Lemma grid_floor c h M : 0 <= c -> 0 < h -> c < INR (S M) * h ->
  exists j, (j <= M)%nat /\ INR j * h <= c < INR j * h + h.
Proof.
  intros Hc Hh; induction M as [|M IH]; intros HM.
  - exists O; split; auto; change (INR 1) with 1 in HM; change (INR 0) with 0; lra.
  - destruct (Rlt_dec c (INR (S M) * h)) as [Hlt|Hge].
    + destruct (IH Hlt) as [j [Hj Hjc]]; exists j; split; auto.
    + exists (S M); split; auto.
      rewrite (S_INR (S M)), Rmult_plus_distr_r, Rmult_1_l in HM; lra.
Qed.

(* Uniformity in [X] comes from comparing [X] with one of finitely many steps below it. *)
Lemma star_nearH0_uniform s t eta : s < t -> 0 < eta ->
  exists d, 0 < d /\ forall X E, inDplus X -> inDplus E -> nearH0 d E -> X s - eta <= star X E t.
Proof.
  intros Hst Heta; destruct (Rlt_dec s 0) as [Hs|Hs].
  { exists 1; split; [lra|]; intros X E HX HE _.
    rewrite (Dplus_nonpos X HX s) by lra.
    pose proof (Dplus_bounded _ (star_inDplus X E HX HE) t); lra. }
  destruct (archimed_cor1 (eta / 2)) as [M [HM HM0]]; [lra|].
  set (h := / INR M); assert (HMpos : 0 < INR M) by (apply lt_0_INR; lia).
  assert (Hh : 0 < h) by (apply Rinv_0_lt_compat; auto).
  assert (HMh : INR M * h = 1) by (unfold h; field; lra).
  assert (Hgrid : forall j, (j <= M)%nat -> 0 <= INR j * h <= 1).
  { intros j Hj; split; [apply Rmult_le_pos; [apply pos_INR|lra]|rewrite <- HMh].
    apply Rmult_le_compat_r; [lra|apply le_INR; auto]. }
  destruct (common_radius (fun j d => forall E, inDplus E -> nearH0 d E ->
              INR j * h - eta / 2 < star (step (INR j * h) s) E t) M) as [d [Hd Hstep]].
  - intros j d d' Hd' HP E HE HEd'; apply HP; auto; apply (nearH0_weaken _ d'); auto; lra.
  - intros j Hj.
    assert (Hcont_t : continuity_pt (step (INR j * h) s) t).
    { apply (continuity_pt_locally_const _ _ (t - s)); [lra|]; intros x Hx; apply Rabs_def2 in Hx.
      unfold step; destruct (Rle_dec x s), (Rle_dec t s); lra. }
    destruct (star_nearH0_at _ t (step_inDplus _ s (Hgrid j Hj) ltac:(lra)) Hcont_t (eta / 2))
      as [d [Hd HP]]; [lra|].
    assert (Hval : step (INR j * h) s t = INR j * h) by (unfold step; destruct (Rle_dec t s); lra).
    exists d; split; auto; intros E HE HEd; specialize (HP E HE HEd); rewrite Hval in HP; exact HP.
  - exists d; split; auto; intros X E HX HE HEd.
    destruct (grid_floor (X s) h M) as [j [Hj Hjc]]; try (apply Dplus_bounded; auto); auto.
    { rewrite S_INR, Rmult_plus_distr_r, HMh; pose proof (Dplus_bounded _ HX s); lra. }
    assert (Hle : ledf (step (INR j * h) s) X).
    { intros u; unfold step; destruct (Rle_dec u s); [apply Dplus_bounded; auto|].
      pose proof (Dplus_nondecr _ HX s u); lra. }
    pose proof (star_monol _ _ E (step_inDplus _ s (Hgrid j Hj) ltac:(lra)) HX HE Hle t).
    specialize (Hstep j Hj E HE HEd); unfold h in *; lra.
Qed.

Lemma star_nearH0 e : 0 < e -> exists d, 0 < d /\
  forall X E, inDplus X -> inDplus E -> nearH0 d X -> nearH0 d E -> nearH0 e (star X E).
Proof.
  intros He; destruct (star_nearH0_uniform (e / 2) e (e / 2)) as [d [Hd Hunif]]; try lra.
  exists (Rmin d (e / 2)); split; [apply Rmin_pos; lra|]; intros X E HX HE HXd HEd.
  pose proof (Rmin_l d (e / 2)); pose proof (Rmin_r d (e / 2)).
  pose proof (nearH0_at X (Rmin d (e / 2)) (e / 2) HX ltac:(lra) HXd).
  pose proof (Hunif X E HX HE (nearH0_weaken E (Rmin d (e / 2)) d HE ltac:(lra) HEd)).
  unfold nearH0; lra.
Qed.

End TriangleFunction.

Section ProbabilisticMetricSpace.

Variables (T : Type) (P : T -> Prop) (Dist : T -> T -> dfun) (star : dfun -> dfun -> dfun).
Hypotheses (Htf : triangle_function star) (Hcont : continuous_tf star)
           (HPM : PM_space P Dist star).

Lemma PM_inDplus p q : P p -> P q -> inDplus (Dist p q).
Proof. apply HPM. Qed.

Lemma PM_sym p q : P p -> P q -> Dist p q = Dist q p.
Proof. apply HPM. Qed.

Lemma PM_triangle p q r : P p -> P q -> P r -> ledf (star (Dist p q) (Dist q r)) (Dist p r).
Proof. apply HPM. Qed.

Lemma PM_nearH0_triangle e : 0 < e -> exists d, 0 < d /\ forall p q r, P p -> P q -> P r ->
  nearH0 d (Dist p q) -> nearH0 d (Dist q r) -> nearH0 e (Dist p r).
Proof.
  intros He; destruct (star_nearH0 star Htf Hcont e He) as [d [Hd Hnear]].
  exists d; split; auto; intros p q r Hp Hq Hr Hpq Hqr.
  apply (nearH0_ledf (star (Dist p q) (Dist q r))); [apply PM_triangle; auto|].
  apply Hnear; auto using PM_inDplus.
Qed.

Lemma PM_limit_of_close z w f : (forall n, P (z n)) -> (forall n, P (w n)) -> P f ->
  wconv (fun n => Dist (z n) (w n)) H0 -> wconv (fun n => Dist (w n) f) H0 ->
  wconv (fun n => Dist (z n) f) H0.
Proof.
  intros Hz Hw Hf Hzw Hwf; rewrite wconv_H0_iff in * by auto using PM_inDplus.
  intros e He; destruct (PM_nearH0_triangle e He) as [d [Hd Htri]].
  destruct (Hzw d Hd) as [N1 H1]; destruct (Hwf d Hd) as [N2 H2].
  exists (max N1 N2); intros n Hn; apply (Htri _ (w n)); auto; [apply H1|apply H2]; lia.
Qed.

Lemma PM_cauchy_of_close z w : (forall n, P (z n)) -> (forall n, P (w n)) ->
  cauchy Dist z -> wconv (fun n => Dist (z n) (w n)) H0 -> cauchy Dist w.
Proof.
  intros Hz Hw Hcz Hzw; unfold cauchy in *.
  rewrite wconv2_H0_iff in * by auto using PM_inDplus.
  rewrite wconv_H0_iff in Hzw by auto using PM_inDplus.
  intros e He; destruct (PM_nearH0_triangle e He) as [d1 [Hd1 Htri1]].
  destruct (PM_nearH0_triangle d1 Hd1) as [d2 [Hd2 Htri2]].
  assert (Hd : 0 < Rmin d1 d2) by (apply Rmin_pos; auto).
  destruct (Hcz d2 Hd2) as [N1 H1]; destruct (Hzw _ Hd) as [N2 H2].
  exists (max N1 N2); intros n p Hn Hp.
  assert (Hclose : forall k, (k >= N2)%nat ->
            nearH0 d1 (Dist (w k) (z k)) /\ nearH0 d2 (Dist (z k) (w k))).
  { intros k Hk; specialize (H2 k Hk); rewrite (PM_sym (w k)) by auto.
    split; apply (nearH0_weaken _ (Rmin d1 d2)); auto using PM_inDplus, Rmin_l, Rmin_r. }
  apply (Htri1 _ (z n)); auto; [apply Hclose; lia|].
  apply (Htri2 _ (z p)); auto; [apply H1|apply Hclose]; lia.
Qed.

End ProbabilisticMetricSpace.

Section Completion.

Variables (G : Type) (D : G -> G -> dfun) (star : dfun -> dfun -> dfun).
Hypotheses (Htf : triangle_function star) (Hcont : continuous_tf star)
           (HPM : PM_space (fun _ : G => True) D star).

Lemma D_inDplus x y : inDplus (D x y).
Proof. apply HPM; auto. Qed.

Lemma D_refl x : D x x = H0.
Proof. apply (proj1 (proj2 HPM) x x I I); reflexivity. Qed.

Lemma D_sym x y : D x y = D y x.
Proof. apply HPM; auto. Qed.

Lemma D_triangle x y z : ledf (star (D x y) (D y z)) (D x z).
Proof. apply HPM; auto. Qed.

Definition lipschitz1 (f : G -> dfun) : Prop := forall x y, ledf (star (D x y) (f y)) (f x).

Definition limit_of (f : G -> dfun) (a : nat -> G) : Prop :=
  cauchy D a /\ forall x, wconv (fun n => D (a n) x) (f x).

Section Limit.

Variables (f : G -> dfun) (a : nat -> G).
Hypotheses (Hf : forall x, inDplus (f x)) (Ha : limit_of f a).

Lemma limit_of_at_seq : wconv (fun n => f (a n)) H0.
Proof.
  destruct Ha as [Hcauchy Hconv]; apply wconv_H0_iff; auto; intros e He.
  unfold cauchy in Hcauchy; rewrite wconv2_H0_iff in Hcauchy by auto using D_inDplus.
  destruct (Hcauchy (e / 2)) as [N HN]; [lra|]; exists N; intros n Hn.
  assert (1 - e / 2 <= f (a n) e); [|unfold nearH0; lra].
  apply (wconv_ge_eventually (fun m => D (a m) (a n)) _ (fun m => D_inDplus _ _) (Hf _)
           (Hconv (a n)) (e / 2)); [lra|].
  exists N; intros m Hm; left; apply HN; auto.
Qed.

Lemma limit_of_star_le x y : ledf (star (f x) (f y)) (D x y).
Proof.
  destruct Ha as [_ Hconv].
  apply (wconv_le (fun n => star (D (a n) x) (D (a n) y)) (fun _ => D x y));
    auto using star_inDplus, D_inDplus, wconv_const.
  intros n; rewrite (D_sym (a n) x); apply D_triangle.
Qed.

End Limit.

Let family (f g : G -> dfun) (H : dfun) : Prop := exists x, H = star (f x) (g x).

Section Distance.

Variables (f g : G -> dfun).
Hypotheses (Hf : forall x, inDplus (f x)) (Hg : forall x, inDplus (g x)).

Let family_inDplus H : family f g H -> inDplus H.
Proof. intros [x ->]; apply star_inDplus; auto. Qed.

Lemma DD_inDplus : inDplus (DD star f g).
Proof. apply supD_inDplus, family_inDplus. Qed.

Lemma DD_ge x : ledf (star (f x) (g x)) (DD star f g).
Proof. apply supD_ge; [apply family_inDplus|exists x; reflexivity]. Qed.

Lemma DD_approx t e : 0 < e ->
  DD star f g t < e \/ exists x, DD star f g t - e < star (f x) (g x) t.
Proof.
  intros He; destruct (supD_approx _ family_inDplus t e He) as [Hsmall|[H [[x ->] Hx]]].
  - left; exact Hsmall.
  - right; exists x; exact Hx.
Qed.

End Distance.

Lemma DD_sym (f g : G -> dfun) : (forall x, inDplus (f x)) -> (forall x, inDplus (g x)) ->
  DD star f g = DD star g f.
Proof.
  intros Hf Hg; unfold DD; f_equal; apply functional_extensionality; intros H.
  apply propositional_extensionality; split; intros [x ->]; exists x; apply star_comm; auto.
Qed.

Section Lipschitz.

Variables (f g : G -> dfun) (b : nat -> G).
Hypotheses (Hf : forall x, inDplus (f x)) (Hlip : lipschitz1 f)
           (Hg : forall x, inDplus (g x)) (Hb : limit_of g b).

Lemma DD_at_limit_seq : wconv (fun n => f (b n)) (DD star f g).
Proof.
  assert (Hgb : wconv (fun n => g (b n)) H0) by (apply limit_of_at_seq; auto).
  apply wconv_squeeze; [apply DD_inDplus; auto| |].
  - intros s t eta Hst Heta; destruct (DD_approx f g Hf Hg s eta Heta) as [Hsmall|[x Hx]].
    { exists O; intros n _; pose proof (Dplus_bounded _ (Hf (b n)) t); lra. }
    assert (HK : inDplus (star (f x) (g x))) by (apply star_inDplus; auto).
    destruct (Dplus_continuity_point _ HK s t Hst) as [u [Hu HKu]].
    pose proof (star_wconv_l star Hcont (f x) (fun n => D (b n) x) (g x)) as Hcv.
    destruct (Un_cv_eventually_gt _ _ (DD star f g s - eta)
                (Hcv (Hf x) (fun n => D_inDplus _ _) (Hg x) (proj2 Hb x) u HKu)) as [N HN].
    { pose proof (Dplus_nondecr _ HK s u); lra. }
    exists N; intros n Hn; specialize (HN n Hn).
    rewrite star_comm in HN by auto using D_inDplus.
    pose proof (Hlip (b n) x u); pose proof (Dplus_nondecr _ (Hf (b n)) u t); lra.
  - intros s t eta Hst Heta.
    destruct (star_nearH0_uniform star Htf Hcont s t eta Hst Heta) as [d [Hd Hunif]].
    rewrite wconv_H0_iff in Hgb by auto; destruct (Hgb d Hd) as [N HN].
    exists N; intros n Hn; pose proof (Hunif _ _ (Hf (b n)) (Hg (b n)) (HN n Hn)).
    pose proof (DD_ge f g Hf Hg (b n) t); lra.
Qed.

(* For [y := b n], [g x * (f y * g y) = (g x * g y) * f y <= D x y * f y <= f x]. *)
Lemma DD_lipschitz x : ledf (star (g x) (DD star f g)) (f x).
Proof.
  assert (HDD : inDplus (DD star f g)) by (apply DD_inDplus; auto).
  assert (Hfg : wconv (fun n => star (f (b n)) (g (b n))) (DD star f g)).
  { rewrite <- (star_H0r star Htf (DD star f g)) by auto.
    apply Hcont; auto using H0_inDplus, DD_at_limit_seq, limit_of_at_seq. }
  apply (wconv_le (fun n => star (g x) (star (f (b n)) (g (b n)))) (fun _ => f x));
    auto using star_inDplus, wconv_const, star_wconv_l.
  intros n; set (y := b n).
  rewrite (star_comm star Htf (f y)), star_assoc by auto using star_inDplus.
  intros t; apply Rle_trans with (star (D x y) (f y) t); [|apply Hlip].
  apply star_monol; auto using star_inDplus, D_inDplus.
  apply (limit_of_star_le g b); auto.
Qed.

End Lipschitz.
--- --- ---
### PROBLEM DESCRIPTION
From the first line of the data through the line with "- exists O;", quote each line exactly and add nothing else.

### COMPLETED EXERCISE
Lemma grid_floor c h M : 0 <= c -> 0 < h -> c < INR (S M) * h ->
  exists j, (j <= M)%nat /\ INR j * h <= c < INR j * h + h.
Proof.
  intros Hc Hh; induction M as [|M IH]; intros HM.
  - exists O; split; auto; change (INR 1) with 1 in HM; change (INR 0) with 0; lra.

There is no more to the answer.